__PROBLEM REQUIREMENTS__: Reproduce the section of the listing that begins at the line containing "intros l Hlk." and finishes at the line containing "- apply HG.". Include both end lines and nothing beyond them.

__THE RECORDS__:
(* Every LSGA net is distributed.
   Context: A Petri net $N=(S,T,F,M_0,\ell)$ has disjoint $S,T$, $F:(S\times T)\cup(T\times S)\to\mathbb N$, $M_0\in\mathbb N^S$, labelling $\ell$. ${}^\bullet x(y)=F(y,x)$, $x^\bullet(y)=F(x,y)$. For a finite nonempty multiset $G$ of transitions, $M[G\rangle M'$ iff ${}^\bullet G\le M$ and $M'=M-{}^\bullet G+G^\bullet$; $t\smile u$ iff $M[\{t\}+\{u\}\rangle$ for some reachable $M$. A net is distributed iff there is a function $D$ on $S\cup T$ with (1) $s\in{}^\bullet t\Rightarrow D(t)=D(s)$ and (2) $t\smile u\Rightarrow D(t)\ne D(u)$. A component with interface is $(N,I,O)$ with $I,O\subseteq S$, $I\cap O=\emptyset$ and $o^\bullet=\emptyset$ for $o\in O$; it is sequential iff there is $Q\subseteq S\setminus(I\cup O)$ with $|{}^\bullet t\restriction Q|=|t^\bullet\restriction Q|=1$ for all $t\in T$ and $|M_0\restriction Q|=1$. For components $((S_k,T_k,F_k,M_{0k},\ell_k),I_k,O_k)$, $k\in K$, with $(S_k\cup T_k)\cap(S_l\cup T_l)=(I_k\cup O_k)\cap(I_l\cup O_l)$ and $I_k\cap I_l=\emptyset$ for $k\ne l$, the asynchronous parallel composition is $((\bigcup S_k,\bigcup T_k,\bigcup F_k,\sum M_{0k},\bigcup\ell_k),\bigcup I_k,\bigcup O_k\setminus\bigcup I_k)$. $N$ is an LSGA net iff $(N,I,O)$ equals the asynchronous parallel composition of some family of sequential components, for some $I,O$. *)

From Stdlib Require Import List Arith.
Import ListNotations.

Set Implicit Arguments.

Section PetriNets.
(* Universes of place names P, transition names Tr and action labels A.
   S and T of a net are subsets of P and Tr (so S and T are disjoint). *)
Variables (P Tr A : Type).

Record net := Net {
  pl  : P -> Prop;
  tr  : Tr -> Prop;
  pre : P -> Tr -> nat;
  post : Tr -> P -> nat;
  m0  : P -> nat;
  lab : Tr -> A             (* labelling (only relevant on T) *)
}.

(* Functions are regarded as 0 outside the net's places/transitions. *)
Definition wf_net (N : net) : Prop :=
  (forall s t, pre N s t <> 0 -> pl N s /\ tr N t) /\
  (forall t s, post N t s <> 0 -> pl N s /\ tr N t) /\
  (forall s, m0 N s <> 0 -> pl N s).

Definition marking := P -> nat.

(* Finite multisets of transitions are represented by lists. *)
Definition preG (N : net) (G : list Tr) : marking :=
  fun s => fold_right plus 0 (map (pre N s) G).
Definition postG (N : net) (G : list Tr) : marking :=
  fun s => fold_right plus 0 (map (fun t => post N t s) G).

Definition step (N : net) (M : marking) (G : list Tr) (M' : marking) : Prop :=
  G <> [] /\ (forall t, In t G -> tr N t) /\
  (forall s, preG N G s <= M s) /\
  (forall s, M' s = M s - preG N G s + postG N G s).

Inductive reachable (N : net) : marking -> Prop :=
| reach0 : reachable N (m0 N)
| reachS : forall M G M', reachable N M -> step N M G M' -> reachable N M'.

Definition concurrent (N : net) (t u : Tr) : Prop :=
  exists M M', reachable N M /\ step N M [t; u] M'.

Definition distributed (N : net) : Prop :=
  exists (L : Type) (D : P + Tr -> L),
    (forall s t, pl N s -> tr N t -> pre N s t <> 0 -> D (inr t) = D (inl s)) /\
    (forall t u, tr N t -> tr N u -> concurrent N t u -> D (inr t) <> D (inr u)).

Record component := Comp { cnet : net; cI : P -> Prop; cO : P -> Prop }.

Definition is_component (C : component) : Prop :=
  wf_net (cnet C) /\
  (forall s, cI C s -> pl (cnet C) s) /\
  (forall s, cO C s -> pl (cnet C) s) /\
  (forall s, ~ (cI C s /\ cO C s)) /\
  (forall o t, cO C o -> pre (cnet C) o t = 0).

Definition size_one_on (Q : P -> Prop) (f : P -> nat) : Prop :=
  exists q, Q q /\ f q = 1 /\ (forall q', Q q' -> q' <> q -> f q' = 0).

Definition sequential (C : component) : Prop :=
  is_component C /\
  exists Q : P -> Prop,
    (forall s, Q s -> pl (cnet C) s /\ ~ cI C s /\ ~ cO C s) /\
    (forall t, tr (cnet C) t ->
       size_one_on Q (fun s => pre (cnet C) s t) /\
       size_one_on Q (fun s => post (cnet C) t s)) /\
    size_one_on Q (m0 (cnet C)).

Definition composable (K : Type) (C : K -> component) : Prop :=
  forall k l, k <> l ->
    (forall s, pl (cnet (C k)) s /\ pl (cnet (C l)) s <->
               (cI (C k) s \/ cO (C k) s) /\ (cI (C l) s \/ cO (C l) s)) /\
    (forall t, ~ (tr (cnet (C k)) t /\ tr (cnet (C l)) t)) /\
    (forall s, ~ (cI (C k) s /\ cI (C l) s)).

(* (N, I, O) equals the asynchronous parallel composition of (C k)_{k in K}.
   The sum of initial markings must be well defined (finitely many nonzero
   summands at each place). *)
Definition is_async_composition (K : Type) (C : K -> component)
    (N : net) (I O : P -> Prop) : Prop :=
  (forall s, pl N s <-> exists k, pl (cnet (C k)) s) /\
  (forall t, tr N t <-> exists k, tr (cnet (C k)) t) /\
  (forall k t, tr (cnet (C k)) t ->
      (forall s, pre N s t = pre (cnet (C k)) s t /\
                 post N t s = post (cnet (C k)) t s) /\
      lab N t = lab (cnet (C k)) t) /\
  (forall s, exists ks : list K, NoDup ks /\
      (forall k, m0 (cnet (C k)) s <> 0 -> In k ks) /\
      m0 N s = fold_right plus 0 (map (fun k => m0 (cnet (C k)) s) ks)) /\
  (forall s, I s <-> exists k, cI (C k) s) /\
  (forall s, O s <-> (exists k, cO (C k) s) /\ ~ (exists k, cI (C k) s)).

Definition LSGA (N : net) : Prop :=
  wf_net N /\
  exists (I O : P -> Prop) (K : Type) (C : K -> component),
    (forall k, sequential (C k)) /\ composable C /\
    is_async_composition C N I O.

End PetriNets.

(** Each sequential component carries exactly one token on its state places
    [Q] in every reachable marking: [Q] is private to the component, every
    transition of the component moves the token within [Q], and no other
    transition touches [Q].  Two transitions of the same component therefore
    never fire concurrently, since together they would need two tokens on [Q].
    A net is then distributed by locating every transition in its component,
    and every place in the component of the transitions consuming from it
    (unique, because input places of different components are disjoint and
    output places are never consumed from). *)

From Stdlib Require Import List Lia Classical FunctionalExtensionality PropExtensionality.
Import ListNotations.

Set Implicit Arguments.
Unset Strict Implicit.

Section Sums.
Variables (X : Type) (f : X -> nat).

Lemma sum_map_mid l1 x l2 :
  fold_right plus 0 (map f (l1 ++ x :: l2)) = f x + fold_right plus 0 (map f (l1 ++ l2)).
Proof. induction l1 as [|y l1 IH]; simpl; [reflexivity | rewrite IH; lia]. Qed.

Lemma sum_map_ge l x : In x l -> f x <= fold_right plus 0 (map f l).
Proof. induction l as [|y l IH]; simpl; [tauto|]. intros [->|Hx]; [lia | specialize (IH Hx); lia]. Qed.

Lemma sum_map_zero l : (forall x, In x l -> f x = 0) -> fold_right plus 0 (map f l) = 0.
Proof. induction l as [|y l IH]; simpl; intros H0; [reflexivity | rewrite H0, IH; auto]. Qed.

Lemma sum_map_single l x :
  NoDup l -> (forall y, y <> x -> f y = 0) -> (f x <> 0 -> In x l) ->
  fold_right plus 0 (map f l) = f x.
Proof.
  induction l as [|y l IH]; simpl; intros Hnd H0 Hin.
  - apply NNPP. intros Hfx. exact (Hin (fun E => Hfx (eq_sym E))).
  - inversion Hnd as [|? ? Hy Hnd']; subst. destruct (classic (y = x)) as [->|Hne].
    + rewrite sum_map_zero; [lia|]. intros z Hz. apply H0. intros ->. contradiction.
    + rewrite H0 by auto. apply IH; auto.
      intros Hfx. destruct (Hin Hfx); [congruence | auto].
Qed.

End Sums.

Section SizeOne.
Variables (P : Type) (Q : P -> Prop).

Lemma size_one_on_ext (f g : P -> nat) :
  (forall q, Q q -> f q = g q) -> size_one_on Q f -> size_one_on Q g.
Proof.
  intros Efg [q0 [Hq0 [E1 E0]]]. exists q0.
  split; [exact Hq0 | split; [rewrite <- Efg | intros q Hq Hne; rewrite <- Efg]; auto].
Qed.

Lemma size_one_on_le_eq (M f : P -> nat) q :
  size_one_on Q M -> size_one_on Q f -> (forall q, Q q -> f q <= M q) ->
  Q q -> f q = M q.
Proof.
  intros [q0 [Hq0 [M1 M0]]] [a [Ha [f1 f0]]] Hle Hq.
  assert (a = q0) as ->.
  { destruct (classic (a = q0)) as [|Hne]; [auto|].
    specialize (Hle a Ha). rewrite M0 in Hle by auto. lia. }
  destruct (classic (q = q0)) as [->|Hne]; [congruence | rewrite M0, f0; auto].
Qed.

Lemma size_one_on_fire (M f g : P -> nat) :
  size_one_on Q M -> size_one_on Q f -> size_one_on Q g ->
  (forall q, Q q -> f q <= M q) -> size_one_on Q (fun q => M q - f q + g q).
Proof.
  intros HM Hf Hg Hle. apply (@size_one_on_ext g); [|exact Hg].
  intros q Hq. rewrite (size_one_on_le_eq HM Hf Hle Hq). lia.
Qed.

Lemma size_one_on_not_sum_le (M f g : P -> nat) :
  size_one_on Q M -> size_one_on Q f -> size_one_on Q g ->
  ~ (forall q, Q q -> f q + g q <= M q).
Proof.
  intros HM Hf Hg Hle.
  assert (Ef : forall q, Q q -> f q = M q).
  { intros q Hq. apply (size_one_on_le_eq HM Hf); [|exact Hq].
    intros q' Hq'. specialize (Hle q' Hq'). lia. }
  destruct Hg as [b [Hb [g1 _]]].
  specialize (Hle b Hb). rewrite g1, Ef in Hle by auto. lia.
Qed.

End SizeOne.

Definition state_places (P Tr A : Type) (C : component P Tr A) (Q : P -> Prop) : Prop :=
  (forall s, Q s -> pl (cnet C) s /\ ~ cI C s /\ ~ cO C s) /\
  (forall t, tr (cnet C) t ->
     size_one_on Q (fun s => pre (cnet C) s t) /\
     size_one_on Q (fun s => post (cnet C) t s)) /\
  size_one_on Q (m0 (cnet C)).

Lemma sequential_state_places (P Tr A : Type) (C : component P Tr A) :
  sequential C -> exists Q, state_places C Q.
Proof. intros [_ HQ]. exact HQ. Qed.

Section Composition.
Variables (P Tr A K : Type) (N : net P Tr A) (C : K -> component P Tr A) (I O : P -> Prop).
Hypothesis sequential_C : forall k, sequential (C k).
Hypothesis composable_C : composable C.
Hypothesis composition_N : is_async_composition C N I O.

Lemma component_wf k : wf_net (cnet (C k)).
Proof. exact (proj1 (proj1 (sequential_C k))). Qed.

Lemma pre_output_place k o t : cO (C k) o -> pre (cnet (C k)) o t = 0.
Proof. destruct (sequential_C k) as [[_ [_ [_ [_ H]]]] _]. apply H. Qed.

Lemma shared_place_interface k l s :
  k <> l -> pl (cnet (C k)) s -> pl (cnet (C l)) s ->
  (cI (C k) s \/ cO (C k) s) /\ (cI (C l) s \/ cO (C l) s).
Proof. intros Hkl Hk Hl. apply (proj1 (composable_C Hkl) s). auto. Qed.

(* A place consumed from in two components would be an input of both. *)
Lemma consumer_component_unique k l s t t' :
  pre (cnet (C k)) s t <> 0 -> pre (cnet (C l)) s t' <> 0 -> k = l.
Proof.
  intros Hk Hl. destruct (classic (k = l)) as [|Hkl]; [auto|]. exfalso.
  destruct (proj1 (component_wf k) s t Hk) as [Hsk _].
  destruct (proj1 (component_wf l) s t' Hl) as [Hsl _].
  destruct (shared_place_interface Hkl Hsk Hsl) as [[Ik|Ok] [Il|Ol]].
  - exact (proj2 (proj2 (composable_C Hkl)) s (conj Ik Il)).
  - exact (Hl (pre_output_place t' Ol)).
  - exact (Hk (pre_output_place t Ok)).
  - exact (Hk (pre_output_place t Ok)).
Qed.

Lemma tr_net_component t : tr N t -> exists k, tr (cnet (C k)) t.
Proof. apply (proj1 (proj2 composition_N)). Qed.

Lemma pre_post_net k t s :
  tr (cnet (C k)) t -> pre N s t = pre (cnet (C k)) s t /\ post N t s = post (cnet (C k)) t s.
Proof. intros Ht. apply (proj1 (proj1 (proj2 (proj2 composition_N)) k t Ht)). Qed.

Section StatePlaces.
Variables (k : K) (Q : P -> Prop).
Hypothesis Q_state : state_places (C k) Q.

Lemma state_place_private l q : Q q -> pl (cnet (C l)) q -> l = k.
Proof.
  intros Hq Hl. destruct (classic (l = k)) as [|Hlk]; [auto|]. exfalso.
  destruct (proj1 Q_state q Hq) as [Hk [HnI HnO]].
  destruct (shared_place_interface (fun E => Hlk (eq_sym E)) Hk Hl) as [[|] _]; auto.
Qed.

Lemma state_place_untouched q t :
  Q q -> tr N t -> ~ tr (cnet (C k)) t -> pre N q t = 0 /\ post N t q = 0.
Proof.
  intros Hq Ht Hnk. destruct (tr_net_component Ht) as [l Hl].
  destruct (pre_post_net q Hl) as [-> ->].
  assert (Hlk : l <> k) by (intros ->; contradiction).
  destruct (component_wf l) as [Hpre [Hpost _]].
  split; apply NNPP; intros H0; apply Hlk, (state_place_private Hq).
  - exact (proj1 (Hpre q t H0)).
  - exact (proj1 (Hpost t q H0)).
Qed.

Lemma m0_state_place : size_one_on Q (m0 N).
Proof.
  apply (@size_one_on_ext _ _ (m0 (cnet (C k)))); [|exact (proj2 (proj2 Q_state))].
  intros q Hq. destruct (proj1 (proj2 (proj2 (proj2 composition_N))) q) as [ks [Hnd [Hcov ->]]].
  symmetry. apply (@sum_map_single _ (fun l => m0 (cnet (C l)) q)); auto.
  intros l Hlk. apply NNPP. intros H0. apply Hlk, (state_place_private Hq).
  exact (proj2 (proj2 (component_wf l)) q H0).
Qed.

Lemma two_transitions_not_enabled M l1 t l2 t' :
  size_one_on Q M -> (forall s, preG N (l1 ++ t :: l2) s <= M s) ->
  In t' (l1 ++ l2) -> tr (cnet (C k)) t -> ~ tr (cnet (C k)) t'.
Proof.
  intros HM Hle Hin Ht Ht'.
  apply (size_one_on_not_sum_le HM (proj1 (proj1 (proj2 Q_state) t Ht))
                                   (proj1 (proj1 (proj2 Q_state) t' Ht'))).
  intros q _. rewrite <- (proj1 (pre_post_net q Ht)), <- (proj1 (pre_post_net q Ht')).
  specialize (Hle q). unfold preG in Hle. rewrite sum_map_mid in Hle.
  pose proof (sum_map_ge (pre N q) Hin). lia.
Qed.

Lemma step_state_places M G M' :
  size_one_on Q M -> step N M G M' -> size_one_on Q M'.
Proof.
  intros HM [_ [HG [Hle EM']]].
  destruct (classic (exists t, In t G /\ tr (cnet (C k)) t)) as [[t [Hin Ht]]|Hnone].
  - destruct (in_split _ _ Hin) as [l1 [l2 ->]].
    assert (Hrest : forall q t', Q q -> In t' (l1 ++ l2) -> pre N q t' = 0 /\ post N t' q = 0).
    { intros q t' Hq Ht'. apply state_place_untouched; auto.
      - apply HG. apply in_app_or in Ht'. apply in_or_app. simpl. tauto.
      - exact (two_transitions_not_enabled HM Hle Ht' Ht). }
    destruct (proj1 (proj2 Q_state) t Ht) as [Hpre Hpost].
    refine (size_one_on_ext _ (size_one_on_fire HM Hpre Hpost _)).
    + intros q Hq. rewrite EM'. unfold preG, postG. rewrite !sum_map_mid.
      rewrite !sum_map_zero by (intros t' Ht'; apply (Hrest q t' Hq Ht')).
      destruct (pre_post_net q Ht) as [-> ->]. lia.
    + intros q _. rewrite <- (proj1 (pre_post_net q Ht)).
      specialize (Hle q). unfold preG in Hle. rewrite sum_map_mid in Hle. lia.
  - refine (size_one_on_ext _ HM). intros q Hq.
    assert (Hall : forall t', In t' G -> pre N q t' = 0 /\ post N t' q = 0).
    { intros t' Ht'. apply state_place_untouched; auto. intros Htk. apply Hnone; eauto. }
    rewrite EM'. unfold preG, postG.
    rewrite !sum_map_zero by (intros t' Ht'; apply (Hall t' Ht')). lia.
Qed.

Lemma reachable_state_places M : reachable N M -> size_one_on Q M.
Proof.
  induction 1 as [|M G M' _ IH Hstep].
  - exact m0_state_place.
  - exact (step_state_places IH Hstep).
Qed.

End StatePlaces.

Lemma concurrent_components_differ k t u :
  concurrent N t u -> tr (cnet (C k)) t -> ~ tr (cnet (C k)) u.
Proof.
  intros [M [M' [HR [_ [_ [Hle _]]]]]] Ht.
  destruct (sequential_state_places (sequential_C k)) as [Q HQ].
  exact (@two_transitions_not_enabled k Q HQ M [] t [u] u
           (reachable_state_places HQ HR) Hle (or_introl eq_refl) Ht).
Qed.

Lemma async_composition_distributed : distributed N.
Proof.
  exists (K -> Prop).
  exists (fun x => match x with
           | inl s => fun k => exists t, pre (cnet (C k)) s t <> 0
           | inr t => fun k => tr (cnet (C k)) t
           end).
  split.
  - intros s t _ Ht Hst. destruct (tr_net_component Ht) as [k Hk].
    rewrite (proj1 (pre_post_net s Hk)) in Hst.
    apply functional_extensionality. intros l. apply propositional_extensionality. split.
    + intros Hl. exists t.
      rewrite <- (proj1 (pre_post_net s Hl)), (proj1 (pre_post_net s Hk)). exact Hst.
    + intros [t' Hl]. rewrite <- (consumer_component_unique Hst Hl). exact Hk.
  - intros t u Ht _ Htu HD. destruct (tr_net_component Ht) as [k Hk].
    apply (concurrent_components_differ Htu Hk).
    exact (eq_ind _ (fun D => D k) Hk _ HD).
Qed.

End Composition.

Theorem corollary4p13 (P Tr A : Type) (N : net P Tr A) :
  LSGA N -> distributed N.
Proof.
  intros [_ [I [O [K [C [Hseq [Hcomp Hasync]]]]]]].
  exact (async_composition_distributed Hseq Hcomp Hasync).
Qed.
(* Let $n\geq 4$, let $e=[1,2,\dots,n]$ be the identity permutation, and let $\mathcal{S}(e,1)=\{\pi\in S_n: d_K(e,\pi)\leq 1\}$. Then the set $\mathcal{A}=\mathcal{S}(e,1)\cup \mathcal{S}(e,1)\circ(1,2)$ is an optimal anticode of diameter $3$ in $S_n$ with respect to the Kendall's $\tau$-distance, and $|\mathcal{A}|=2(n-1)$.
   Context: $S_n$ denotes the set of all permutations of $[n]=\{1,\dots,n\}$, written $\sigma=[\sigma(1),\dots,\sigma(n)]$. Composition is defined by $(\pi\circ\sigma)(i)=\sigma(\pi(i))$. $(1,2)$ denotes the permutation $[2,1,3,4,\dots,n]$, and for a set $\mathcal{S}\subseteq S_n$ and $\pi\in S_n$, $\mathcal{S}\circ\pi=\{\sigma\circ\pi:\sigma\in\mathcal{S}\}$; thus $\sigma\circ(1,2)$ is obtained from $\sigma$ by exchanging the values $1$ and $2$. An adjacent transposition applied to $\sigma$ exchanges the entries in positions $i$ and $i+1$ for some $1\leq i\leq n-1$. The Kendall's $\tau$-distance $d_K(\sigma,\pi)$ is the minimum number of adjacent transpositions needed to transform $\sigma$ into $\pi$. An anticode of diameter $D$ is a subset $\mathcal{A}\subseteq S_n$ with $d_K(x,y)\leq D$ for all $x,y\in\mathcal{A}$; it is optimal if it has the largest possible size among all anticodes of diameter $D$ in $S_n$. *)

(* Permutations of [n] are modelled as 'S_n = {perm 'I_n}
   (values/positions 0..n-1 instead of 1..n).  A permutation s is read as the
   word [s 0, ..., s (n-1)].  MathComp's product (s * t) x = t (s x), which is
   exactly the paper's composition s∘t. *)
From mathcomp Require Import all_boot all_order all_fingroup.
Set Implicit Arguments. Unset Strict Implicit. Unset Printing Implicit Defensive.
Local Open Scope group_scope.

(* t is obtained from s by exchanging the entries in positions i and i+1:
   t(x) = s(tperm i (i+1) x), i.e. t = (i,i+1) ∘ s in the paper's notation. *)
Definition adj_step (n : nat) (s t : 'S_n) : bool :=
  [exists i : 'I_n, exists j : 'I_n,
     (nat_of_ord j == (nat_of_ord i).+1) && (t == tperm i j * s)].

Fixpoint reach (n : nat) (k : nat) (s t : 'S_n) : bool :=
  match k with
  | 0 => s == t
  | k'.+1 => [exists u : 'S_n, adj_step s u && reach k' u t]
  end.

Definition kendall_le (n : nat) (s t : 'S_n) (D : nat) : bool :=
  [exists k : 'I_D.+1, reach k s t].

Definition kball (n : nat) (r : nat) : {set 'S_n} :=
  [set p : 'S_n | kendall_le 1 p r].

Definition anticode (n : nat) (A : {set 'S_n}) (D : nat) : Prop :=
  forall x y, x \in A -> y \in A -> kendall_le x y D.

Definition optimal_anticode (n : nat) (A : {set 'S_n}) (D : nat) : Prop :=
  anticode A D /\ forall B : {set 'S_n}, anticode B D -> #|B| <= #|A|.

From mathcomp Require Import all_boot all_order all_fingroup.
From mathcomp Require Import zify.
Set Implicit Arguments. Unset Strict Implicit. Unset Printing Implicit Defensive.

(* Encode a permutation by its inversion set.  An adjacent transposition
   toggles exactly one inversion, so the parity of the number of inversions
   flips at each step and the inversion sets of two permutations at distance k
   differ in at most k pairs.  Split an anticode of diameter 3 by parity and
   translate a class so that it contains the identity: every other member then
   has length exactly 2, and its inversion set is a 2-set; two such sets meet,
   since they differ in at most 3 pairs.  A pairwise meeting family of 2-sets is
   a star or a triangle.  In the graph formed by these 2-sets every vertex has
   degree at most n-2, and a triangle needs n >= 5, so each class has at most
   n-1 members and the anticode at most 2(n-1).  Conversely, the n-1 adjacent
   transpositions and their translates by (1,2) lie in the given set and have
   different parities. *)


Section PairFamilies.
Variable T : finType.
Implicit Types (x y z p : T) (J : {set T}) (K : {set {set T}}).

Lemma set2_eq J x y : #|J| = 2 -> x \in J -> y \in J -> x != y -> J = [set x; y].
Proof.
move=> cJ xJ yJ xy; apply/eqP; rewrite eq_sym eqEcard cards2 xy cJ leqnn andbT.
by apply/subsetP => u /set2P [] ->.
Qed.

Lemma cards3_le x y z : #|[set x; y; z]| <= 3.
Proof. by rewrite -setUA cardsU1 cards2; case: (_ \notin _); case: (y != z). Qed.

Lemma intersecting_pairs K : K != set0 ->
  {in K, forall J, #|J| = 2} -> {in K &, forall J1 J2, J1 :&: J2 != set0} ->
  (exists p, {in K, forall J, p \in J}) \/
  exists x y z, [/\ [set x; y] \in K, [set x; z] \in K, [set y; z] \in K &
                    K \subset [set [set x; y]; [set x; z]; [set y; z]]].
Proof.
move=> /set0Pn [J0 J0K] c2 meet.
have meetP J1 J2 : J1 \in K -> J2 \in K -> exists2 t, t \in J1 & t \in J2.
  by move=> J1K J2K; have /set0Pn [t] := meet _ _ J1K J2K; rewrite inE => /andP []; exists t.
have /cards2P [x [y [xy eJ0]]] : #|J0| == 2 by rewrite c2.
case: (boolP [forall J in K, x \in J]) => [/forall_inP|/forall_inPn [J1 J1K xJ1]].
  by left; exists x.
case: (boolP [forall J in K, y \in J]) => [/forall_inP|/forall_inPn [J2 J2K yJ2]].
  by left; exists y.
have yJ1 : y \in J1.
  by have [t] := meetP _ _ J0K J1K; rewrite eJ0 => /set2P [] ->; rewrite ?(negbTE xJ1).
have xJ2 : x \in J2.
  by have [t] := meetP _ _ J0K J2K; rewrite eJ0 => /set2P [] ->; rewrite ?(negbTE yJ2).
have [z zJ1 zJ2] := meetP _ _ J1K J2K.
have zx : z != x by apply: contraNneq xJ1 => <-.
have zy : z != y by apply: contraNneq yJ2 => <-.
have eJ1 : J1 = [set y; z] by apply: set2_eq; rewrite ?c2 // eq_sym.
have eJ2 : J2 = [set x; z] by apply: set2_eq; rewrite ?c2 // eq_sym.
right; exists x, y, z; rewrite -eJ0 -eJ1 -eJ2; split => //.
apply/subsetP => J JK; rewrite !inE.
have [t tJ] := meetP _ _ JK J0K; rewrite eJ0 => /set2P [] et; subst t.
- have [t tJ'] := meetP _ _ JK J1K; rewrite eJ1 => /set2P [] et; subst t.
    by rewrite (set2_eq (c2 _ JK) tJ tJ' xy) -eJ0 eqxx.
  by rewrite (set2_eq (c2 _ JK) tJ tJ' _) -?eJ2 ?eqxx ?orbT // eq_sym.
- have [t tJ'] := meetP _ _ JK J2K; rewrite eJ2 => /set2P [] et; subst t.
    by rewrite (set2_eq (c2 _ JK) tJ' tJ xy) -eJ0 eqxx.
  by rewrite (set2_eq (c2 _ JK) tJ tJ' _) -?eJ1 ?eqxx ?orbT // eq_sym.
Qed.

End PairFamilies.

Lemma odd_card_toggle (T : finType) (X Y : {set T}) p :
  (forall q, (q \in X) = (q \in Y) (+) (q == p)) -> odd #|X| = ~~ odd #|Y|.
Proof.
move=> XE; case pY: (p \in Y).
- have -> : X = Y :\ p.
    by apply/setP => q; rewrite XE !inE; case: eqP => [->|]; rewrite ?pY ?addbT ?addbF.
  by rewrite (cardsD1 p Y) pY negbK.
- have -> : X = p |: Y.
    by apply/setP => q; rewrite XE !inE; case: eqP => [->|]; rewrite ?pY ?addbT ?addbF.
  by rewrite cardsU1 pY.
Qed.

__ANSWER BOX__:
  intros l Hlk. apply NNPP. intros H0. apply Hlk, (state_place_private Hq).
  exact (proj2 (proj2 (component_wf l)) q H0).
Qed.

Lemma two_transitions_not_enabled M l1 t l2 t' :
  size_one_on Q M -> (forall s, preG N (l1 ++ t :: l2) s <= M s) ->
  In t' (l1 ++ l2) -> tr (cnet (C k)) t -> ~ tr (cnet (C k)) t'.
Proof.
  intros HM Hle Hin Ht Ht'.
  apply (size_one_on_not_sum_le HM (proj1 (proj1 (proj2 Q_state) t Ht))
                                   (proj1 (proj1 (proj2 Q_state) t' Ht'))).
  intros q _. rewrite <- (proj1 (pre_post_net q Ht)), <- (proj1 (pre_post_net q Ht')).
  specialize (Hle q). unfold preG in Hle. rewrite sum_map_mid in Hle.
  pose proof (sum_map_ge (pre N q) Hin). lia.
Qed.

Lemma step_state_places M G M' :
  size_one_on Q M -> step N M G M' -> size_one_on Q M'.
Proof.
  intros HM [_ [HG [Hle EM']]].
  destruct (classic (exists t, In t G /\ tr (cnet (C k)) t)) as [[t [Hin Ht]]|Hnone].
  - destruct (in_split _ _ Hin) as [l1 [l2 ->]].
    assert (Hrest : forall q t', Q q -> In t' (l1 ++ l2) -> pre N q t' = 0 /\ post N t' q = 0).
    { intros q t' Hq Ht'. apply state_place_untouched; auto.
      - apply HG. apply in_app_or in Ht'. apply in_or_app. simpl. tauto.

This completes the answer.